Task objective =
All lines from the one with "apply/eqP; rewrite eqn_leq;" through the end of the records below are to be given again exactly, and nothing else.

Material shown: Begin

Lemma star_code_idcode : 3 <= x + y -> is_idcode (@KxK_adj n m) star_set.
Proof.
move=> large; have lt0n : 0 < n by lia.
have lt0m : 0 < m by lia.
apply/(KxK_idcodeP star_set (Ordinal lt0n) (Ordinal lt0m)); split.
- exact: star_code_dominating.
- by move=> i k di; have := star_rows_nonempty i; rewrite di.
- by move=> j l dj; have := star_cols_nonempty j; rewrite dj.
- apply: star_forest_box_free.
  + exact: star_rows_nonempty.
  + exact: star_cols_nonempty.
  + exact: star_code_star_forest.
Qed.

(* Points in the first 2x+3 columns are indexed by their column, the others by
   their row; this indexing into [0, 2x+2y+3) is injective on the code. *)
Lemma card_star_set : #|star_set| <= 2 * x + 2 * y + 3.
Proof.
pose index (z : 'I_n * 'I_m) : nat := if z.2 < 3 + 2 * x then (z.2 : nat) else z.1 + x + 2.
rewrite cardE -(size_map index) -(size_iota 0 (2 * x + 2 * y + 3)).
apply: uniq_leq_size => [|k /mapP [[i j]]].
  rewrite map_inj_in_uniq ?enum_uniq // => -[i1 j1] [i2 j2].
  rewrite !mem_enum !inE /index /star_code /= => code1 code2.
  have := ltn_ord i1; have := ltn_ord i2; have := ltn_ord j1; have := ltn_ord j2.
  by case: ifP; case: ifP => * ; congr (_, _); apply: ord_inj; lia.
rewrite mem_enum inE mem_iota /index /star_code /= => code_ij ->.
by have := ltn_ord i; have := ltn_ord j; case: ifP; lia.
Qed.

End StarCode.

Lemma gammaID_le (T : finType) (adj : rel T) (C : {set T}) :
  is_idcode adj C -> gammaID adj <= #|C|.
Proof.
move=> codeC; rewrite /gammaID.
have : C \in index_enum {set T} by rewrite mem_index_enum.
elim: (index_enum _) => [//|D s IH]; rewrite inE big_cons.
have [<- _|nCD /= inCs] := eqVneq C D; first by rewrite codeC geq_minl.
case: (is_idcode adj D); last exact: IH.
exact: leq_trans (geq_minr _ _) (IH inCs).
Qed.

Lemma gammaID_ge (T : finType) (adj : rel T) b :
  b <= #|T|.+1 -> (forall C, is_idcode adj C -> b <= #|C|) -> b <= gammaID adj.
Proof.
move=> le_bT lower; apply: (big_ind (fun k => b <= k)) => // k k' bk bk'.
by rewrite leq_min bk bk'.
Qed.

Theorem theorem5 (n m : nat) :
  6 <= n -> n <= m -> m <= 2 * n - 2 -> m != 2 * n - 5 ->
  (n + m) %% 3 = 1 ->
  gammaID (@KxK_adj n m) = (2 * m + 2 * n + 2) %/ 3.
Proof.
move=> n6 le_nm le_m2n ne_m2n mod3.
have [x [y [def_n def_m large]]] :
    exists x y, [/\ n = x + 2 * y + 1, m = 2 * x + y + 3 & 3 <= x + y].
  by exists ((2 * m - n - 5) %/ 3), ((2 * n - m + 1) %/ 3); split; lia.
apply/eqP; rewrite eqn_leq; apply/andP; split.
  apply: leq_trans (gammaID_le (star_code_idcode def_n def_m large)) _.
  by have := card_star_set def_n def_m; move: #|_| => k; lia.
apply: gammaID_ge => [|C codeC]; last first.
  by have := KxK_idcode_lower_bound codeC n6 le_nm le_m2n ne_m2n mod3; move: #|C| => k; lia.
by rewrite card_prod !card_ord; nia.
Qed.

Material shown: End

Solution =
apply/eqP; rewrite eqn_leq; apply/andP; split.
  apply: leq_trans (gammaID_le (star_code_idcode def_n def_m large)) _.
  by have := card_star_set def_n def_m; move: #|_| => k; lia.
apply: gammaID_ge => [|C codeC]; last first.
  by have := KxK_idcode_lower_bound codeC n6 le_nm le_m2n ne_m2n mod3; move: #|C| => k; lia.
by rewrite card_prod !card_ord; nia.
Qed.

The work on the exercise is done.